Personal information
- Full name: Colin Francis Lundstrum
- Date of birth: 9 October 1938 (age 86)
- Place of birth: Colchester, England
- Position(s): Winger

Youth career
- West Ham United

Senior career*
- Years: Team / Apps / (Gls)
- ?-1956: Colchester Casuals
- 1956–1961: Ipswich Town / 13 / (1)
- 1961–1962: Colchester United / 1 / (0)
- Clacton Town
- Total:  / 14 / (1)

= Colin Lundstrum =

English footballer

Colin Francis Lundstrum (born 9 October 1938) is an English former footballer who played in the Football League as a winger for Ipswich Town and Colchester United.

==Career==

Born in Colchester, Lundstrum began his career with West Ham United as an amateur, but failed to progress to the club's first team, returning to his hometown and playing for Colchester Casuals. He then signed for Ipswich Town in November 1956 and made his Football League debut in a Second Division 0–0 draw with Swansea Town on 15 February 1958.

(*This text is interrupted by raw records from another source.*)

(* Consider the general load coupling model with JT described in the context. Let $\bm\kappa,\bm\kappa'\in\{0,1\}^{n\times m}$ be JT patterns such that, for some cell $i$ and UE $j$, $\kappa_{ij}=0$, $\kappa'_{ij}=1$, and $\kappa'_{hl}=\kappa_{hl}$ for all $(h,l)\neq(i,j)$. Let $\widetilde{\bm{x}}\in\mathbb{R}^n_{\ge0}$ satisfy $\widetilde{\bm{x}}=\bm{f}^{\bm\kappa}\big(\bm{h}^{\bm\kappa}(\widetilde{\bm{x}})\big)$ and $\bm{x}\in\mathbb{R}^n_{\ge0}$ satisfy $\bm{x}=\bm{f}^{\bm{\kappa'}}\big(\bm{h}^{\bm{\kappa'}}(\bm{x})\big)$. Define the sequence $\bm{x}^{(0)}=\widetilde{\bm{x}}$ and $\bm{x}^{(t)}=\bm{f}^{\bm\kappa}\big(\bm{h}^{\bm{\kappa'}}(\bm{x}^{(t-1)})\big)$ for $t\ge1$. If there exists $k\geq 1$ such that $f^{\bm{\kappa'}}_i\big(\bm{h}^{\bm{\kappa'}}(\bm{x}^{(k)})\big)\leq x^{(k)}_i$, then $\bm{x}\leq\widetilde{\bm{x}}$ componentwise.
   Context: There are $n$ cells and $m$ UEs. Cell $i$ has transmit power per resource block $p_i>0$, $g_{ij}>0$ is the channel gain between cell $i$ and UE $j$, $d_j>0$ is the (normalized) bitrate demand of UE $j$, and $\sigma^2>0$ is the noise power. A JT pattern is a matrix $\bm\kappa\in\{0,1\}^{n\times m}$, where $\kappa_{ij}=1$ means cell $i$ serves UE $j$; every UE is assumed to be served by at least one cell. For a pattern $\bm\kappa$, the cell load function $\bm f^{\bm\kappa}=(f^{\bm\kappa}_1,\dots,f^{\bm\kappa}_n)$ and SINR function $\bm h^{\bm\kappa}=(h^{\bm\kappa}_1,\dots,h^{\bm\kappa}_m)$ are $f_i^{\bm{\kappa}}(\bm{\gamma})=\sum_{j=1}^{m}\frac{\kappa_{ij}d_j}{\log_2\left(1+\gamma_j\right)}$, $\quad h_j^{\bm{\kappa}}(\bm{x})=\frac{\sum_{i=1}^{n}p_ig_{ij}\kappa_{ij}}{\sum_{k=1}^{n}p_kg_{kj}x_{k}(1-\kappa_{kj})+\sigma^2}$, for $\bm\gamma\in\mathbb{R}^m_{>0}$ and $\bm x\in\mathbb{R}^n_{\ge0}$. A fixed point $\bm x=\bm f^{\bm\kappa}(\bm h^{\bm\kappa}(\bm x))$ is the network-wide cell load vector for pattern $\bm\kappa$. Vector inequalities are componentwise. *)

From mathcomp Require Import all_boot all_order all_algebra.
From mathcomp Require Import Rstruct.
From Stdlib Require Import Reals.
Set Implicit Arguments. Unset Strict Implicit. Unset Printing Implicit Defensive.
Import Order.TTheory GRing.Theory Num.Theory.
Local Open Scope ring_scope.

Definition log2 (y : R) : R := (ln y / ln 2)%R.

(* A JT pattern: kappa i j = true iff cell i serves UE j. *)
Definition pattern (n m : nat) := 'I_n -> 'I_m -> bool.

Definition load_f n m (kappa : pattern n m) (d : 'I_m -> R)
  (gamma : 'I_m -> R) : 'I_n -> R :=
  fun i => \sum_(j < m) (if kappa i j then d j / log2 (1 + gamma j) else 0).

Definition sinr_h n m (kappa : pattern n m) (p : 'I_n -> R)
  (g : 'I_n -> 'I_m -> R) (sigma2 : R) (x : 'I_n -> R) : 'I_m -> R :=
  fun j => (\sum_(i < n) (if kappa i j then p i * g i j else 0)) /
           (\sum_(k < n) (if kappa k j then 0 else p k * g k j * x k) + sigma2).

Fixpoint mixed_iter n m (kappa kappa' : pattern n m) (d : 'I_m -> R)
  (p : 'I_n -> R) (g : 'I_n -> 'I_m -> R) (sigma2 : R)
  (x0 : 'I_n -> R) (t : nat) : 'I_n -> R :=
  match t with
  | 0%N => x0
  | t'.+1 => load_f kappa d
               (sinr_h kappa' p g sigma2 (mixed_iter kappa kappa' d p g sigma2 x0 t'))
  end.

From mathcomp Require Import all_boot all_order all_algebra.
From mathcomp Require Import Rstruct.
From Stdlib Require Import Reals.
From mathcomp Require Import ring lra.
From mathcomp Require Import interval_inference reals convex exp Rstruct_topology.
Import Order.TTheory GRing.Theory Num.Theory.
Local Open Scope ring_scope.

(* The load map [G x = f (h x)] is monotone and, by concavity of [ln], strictly
   subhomogeneous: [G (a x) < a G x] for [a > 1].  Hence its fixed point lies
   below every [y >= 0] with [G y <= y]: otherwise compare it with [a y] for the
   largest ratio [a = x_b / y_b > 1].  Adding the link [(i0, j0)] only enlarges
   the serving sets, so the SINRs grow and the mixed iterates decrease from [xt].
   At step [k] the iterate is such a [y] for [kappa']: in row [i0] by hypothesis,
   and in every other row, where [f^kappa] and [f^kappa'] agree, because the
   iterates decrease.  Hence [x <= x^(k) <= xt]. *)

Lemma ln2_gt0 : 0 < ln (2 : R).
Proof. by apply/ln_gt0/RltP; apply: Rlt_plus_1. Qed.

Lemma log2E (y : R) : log2 y = ln y / ln (2 : R).
Proof. by rewrite /log2 RdivE !RlnE. Qed.

Lemma log2_gt0 (y : R) : 1 < y -> 0 < log2 y.
Proof. by move=> y1; rewrite log2E divr_gt0 ?ln2_gt0 ?ln_gt0. Qed.

Lemma ler_log2 (y y' : R) : 0 < y -> y <= y' -> log2 y <= log2 y'.
Proof.
move=> y0 yy'; rewrite !log2E ler_pM2r ?invr_gt0 ?ln2_gt0 //.
by rewrite ler_ln ?posrE // (lt_le_trans y0).
Qed.

Lemma ltr_log2 (y y' : R) : 0 < y -> y < y' -> log2 y < log2 y'.
Proof.
move=> y0 yy'; rewrite !log2E ltr_pM2r ?invr_gt0 ?ln2_gt0 //.
by rewrite ltr_ln ?posrE // (lt_trans y0).
Qed.

Local Open Scope convex_scope.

Lundstrum made 13 league appearances for Town and scored one goal, making his final appearance in a 4–1 away win over Brighton & Hove Albion on 28 December 1959.

Colchester United signed Lundstrum in August 1961 from Ipswich but only made a single appearance for the club during a 4–0 away defeat to Mansfield Town on 15 January 1962.

Upon his release from Colchester, Lundstrum joined non-league Clacton Town. He retired from the game after his stay at Clacton.